> **Problem to work on**: Every line below from the one containing "(\sum_(x : ind n r) probx" through the one containing "by apply: eq_bigr => x" must be transcribed exactly. Omit all lines outside that stretch.

─── Supplied records

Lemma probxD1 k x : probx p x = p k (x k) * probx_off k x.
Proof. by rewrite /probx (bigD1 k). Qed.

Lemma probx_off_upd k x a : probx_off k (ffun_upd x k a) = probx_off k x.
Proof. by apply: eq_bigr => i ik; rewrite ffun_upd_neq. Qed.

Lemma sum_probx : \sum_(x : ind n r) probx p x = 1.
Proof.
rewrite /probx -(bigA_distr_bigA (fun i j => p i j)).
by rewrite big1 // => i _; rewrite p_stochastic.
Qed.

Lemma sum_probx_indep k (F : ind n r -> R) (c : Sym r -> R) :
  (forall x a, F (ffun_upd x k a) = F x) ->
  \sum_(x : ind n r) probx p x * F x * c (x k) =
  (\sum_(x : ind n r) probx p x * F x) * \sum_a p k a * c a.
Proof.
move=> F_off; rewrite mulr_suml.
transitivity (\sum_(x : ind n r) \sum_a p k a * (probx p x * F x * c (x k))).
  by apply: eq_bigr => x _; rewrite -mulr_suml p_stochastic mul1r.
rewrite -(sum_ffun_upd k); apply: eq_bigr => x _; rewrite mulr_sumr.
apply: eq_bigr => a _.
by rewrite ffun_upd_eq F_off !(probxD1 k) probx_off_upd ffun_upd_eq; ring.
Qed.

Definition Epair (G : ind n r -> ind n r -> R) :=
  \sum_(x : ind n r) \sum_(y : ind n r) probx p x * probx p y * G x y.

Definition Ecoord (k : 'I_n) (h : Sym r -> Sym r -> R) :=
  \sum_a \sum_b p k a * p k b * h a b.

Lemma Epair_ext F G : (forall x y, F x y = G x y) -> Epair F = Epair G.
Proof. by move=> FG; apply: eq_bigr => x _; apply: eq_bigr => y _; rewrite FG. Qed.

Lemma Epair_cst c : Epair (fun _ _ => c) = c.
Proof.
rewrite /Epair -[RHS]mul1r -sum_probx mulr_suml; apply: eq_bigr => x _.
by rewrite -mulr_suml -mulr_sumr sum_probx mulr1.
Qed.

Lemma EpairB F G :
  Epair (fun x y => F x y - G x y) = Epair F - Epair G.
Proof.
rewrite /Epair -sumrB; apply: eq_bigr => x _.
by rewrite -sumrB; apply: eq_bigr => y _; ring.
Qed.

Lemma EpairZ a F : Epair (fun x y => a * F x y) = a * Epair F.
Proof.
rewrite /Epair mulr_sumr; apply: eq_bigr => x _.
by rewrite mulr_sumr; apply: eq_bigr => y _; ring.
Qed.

──────
─── Supplied records

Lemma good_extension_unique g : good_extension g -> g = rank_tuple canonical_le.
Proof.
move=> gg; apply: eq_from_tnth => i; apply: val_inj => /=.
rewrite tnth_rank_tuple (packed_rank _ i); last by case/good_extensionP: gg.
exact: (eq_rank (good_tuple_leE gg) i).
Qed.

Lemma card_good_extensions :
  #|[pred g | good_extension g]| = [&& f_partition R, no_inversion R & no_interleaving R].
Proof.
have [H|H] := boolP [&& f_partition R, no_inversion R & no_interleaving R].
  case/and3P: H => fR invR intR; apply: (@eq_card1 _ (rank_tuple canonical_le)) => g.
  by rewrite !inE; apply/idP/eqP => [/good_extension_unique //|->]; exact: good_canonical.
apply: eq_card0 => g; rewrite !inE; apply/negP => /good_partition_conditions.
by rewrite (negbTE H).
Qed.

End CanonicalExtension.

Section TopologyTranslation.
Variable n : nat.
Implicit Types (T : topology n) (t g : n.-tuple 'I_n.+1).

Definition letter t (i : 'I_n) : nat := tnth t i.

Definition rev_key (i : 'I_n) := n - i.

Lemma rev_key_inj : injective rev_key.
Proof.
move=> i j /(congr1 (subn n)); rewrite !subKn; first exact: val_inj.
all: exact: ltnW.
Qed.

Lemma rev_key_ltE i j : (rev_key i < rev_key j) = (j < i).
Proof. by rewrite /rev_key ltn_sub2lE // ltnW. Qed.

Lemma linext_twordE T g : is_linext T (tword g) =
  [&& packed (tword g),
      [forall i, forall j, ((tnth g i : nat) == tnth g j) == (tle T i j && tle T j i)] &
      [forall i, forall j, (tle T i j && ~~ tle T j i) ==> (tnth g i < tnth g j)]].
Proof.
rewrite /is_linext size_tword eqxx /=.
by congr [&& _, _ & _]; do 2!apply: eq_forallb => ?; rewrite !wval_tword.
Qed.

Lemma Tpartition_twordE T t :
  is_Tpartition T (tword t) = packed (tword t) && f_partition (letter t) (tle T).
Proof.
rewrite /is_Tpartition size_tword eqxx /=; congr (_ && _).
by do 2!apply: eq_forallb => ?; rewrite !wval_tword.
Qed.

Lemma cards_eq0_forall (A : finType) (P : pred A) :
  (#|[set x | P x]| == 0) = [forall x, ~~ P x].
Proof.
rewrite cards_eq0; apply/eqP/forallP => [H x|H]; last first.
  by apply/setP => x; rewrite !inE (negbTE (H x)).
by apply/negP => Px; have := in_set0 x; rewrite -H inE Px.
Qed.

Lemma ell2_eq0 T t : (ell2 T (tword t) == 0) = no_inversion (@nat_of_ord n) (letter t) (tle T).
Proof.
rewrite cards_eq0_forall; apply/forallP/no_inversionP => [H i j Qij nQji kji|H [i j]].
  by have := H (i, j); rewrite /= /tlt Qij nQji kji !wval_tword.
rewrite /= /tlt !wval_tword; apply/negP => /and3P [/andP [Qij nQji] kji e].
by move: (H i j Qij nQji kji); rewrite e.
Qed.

──────
─── Supplied records

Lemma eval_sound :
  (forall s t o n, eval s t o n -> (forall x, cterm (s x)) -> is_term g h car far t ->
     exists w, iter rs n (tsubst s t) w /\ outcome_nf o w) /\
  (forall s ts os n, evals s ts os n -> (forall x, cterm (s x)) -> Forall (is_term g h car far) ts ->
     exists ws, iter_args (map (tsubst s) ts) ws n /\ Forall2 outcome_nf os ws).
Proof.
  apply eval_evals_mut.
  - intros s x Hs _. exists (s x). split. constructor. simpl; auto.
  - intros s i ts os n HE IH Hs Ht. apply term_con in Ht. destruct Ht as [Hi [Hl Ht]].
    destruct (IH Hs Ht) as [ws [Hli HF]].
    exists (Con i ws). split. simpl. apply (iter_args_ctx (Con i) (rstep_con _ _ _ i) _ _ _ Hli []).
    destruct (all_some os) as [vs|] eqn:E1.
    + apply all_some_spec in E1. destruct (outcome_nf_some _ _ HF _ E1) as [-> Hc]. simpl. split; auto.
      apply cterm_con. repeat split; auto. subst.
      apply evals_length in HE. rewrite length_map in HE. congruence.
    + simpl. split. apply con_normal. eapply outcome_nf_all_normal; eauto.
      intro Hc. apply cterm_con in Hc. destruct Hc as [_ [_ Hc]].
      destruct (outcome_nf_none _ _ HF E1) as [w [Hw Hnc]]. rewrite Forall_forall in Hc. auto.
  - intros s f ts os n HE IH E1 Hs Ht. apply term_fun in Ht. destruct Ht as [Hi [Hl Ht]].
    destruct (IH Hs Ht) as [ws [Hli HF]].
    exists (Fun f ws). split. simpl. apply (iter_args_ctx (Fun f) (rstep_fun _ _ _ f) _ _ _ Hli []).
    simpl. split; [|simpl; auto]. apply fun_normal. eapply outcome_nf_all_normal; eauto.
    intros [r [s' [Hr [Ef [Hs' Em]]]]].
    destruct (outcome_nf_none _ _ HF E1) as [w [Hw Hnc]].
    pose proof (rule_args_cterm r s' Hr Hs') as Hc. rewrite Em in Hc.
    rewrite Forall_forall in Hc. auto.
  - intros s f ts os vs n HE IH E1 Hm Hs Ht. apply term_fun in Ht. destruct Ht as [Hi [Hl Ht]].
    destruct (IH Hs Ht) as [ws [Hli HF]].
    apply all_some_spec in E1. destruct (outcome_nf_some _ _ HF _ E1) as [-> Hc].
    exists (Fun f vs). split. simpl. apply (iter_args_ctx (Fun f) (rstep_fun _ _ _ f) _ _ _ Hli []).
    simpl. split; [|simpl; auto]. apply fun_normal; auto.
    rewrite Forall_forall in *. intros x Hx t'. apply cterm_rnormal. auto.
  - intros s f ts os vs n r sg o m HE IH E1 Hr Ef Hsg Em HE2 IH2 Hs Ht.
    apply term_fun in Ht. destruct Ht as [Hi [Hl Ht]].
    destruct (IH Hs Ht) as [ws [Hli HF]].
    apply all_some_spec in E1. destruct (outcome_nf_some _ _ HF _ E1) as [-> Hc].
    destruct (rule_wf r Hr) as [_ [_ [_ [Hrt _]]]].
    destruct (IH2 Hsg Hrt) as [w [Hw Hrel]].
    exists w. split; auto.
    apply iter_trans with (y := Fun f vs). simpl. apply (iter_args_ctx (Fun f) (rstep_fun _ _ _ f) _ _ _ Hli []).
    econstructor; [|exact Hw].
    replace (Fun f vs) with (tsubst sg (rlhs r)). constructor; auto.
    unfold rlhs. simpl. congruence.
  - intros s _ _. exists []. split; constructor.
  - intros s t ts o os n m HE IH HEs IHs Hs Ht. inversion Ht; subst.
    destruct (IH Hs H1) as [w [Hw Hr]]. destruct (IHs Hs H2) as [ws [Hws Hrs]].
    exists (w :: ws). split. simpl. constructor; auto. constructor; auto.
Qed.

──────

> **Answer to this problem**:
  (\sum_(x : ind n r) probx p x * F x) * \sum_a p k a * c a.
Proof.
move=> F_off; rewrite mulr_suml.
transitivity (\sum_(x : ind n r) \sum_a p k a * (probx p x * F x * c (x k))).
  by apply: eq_bigr => x _; rewrite -mulr_suml p_stochastic mul1r.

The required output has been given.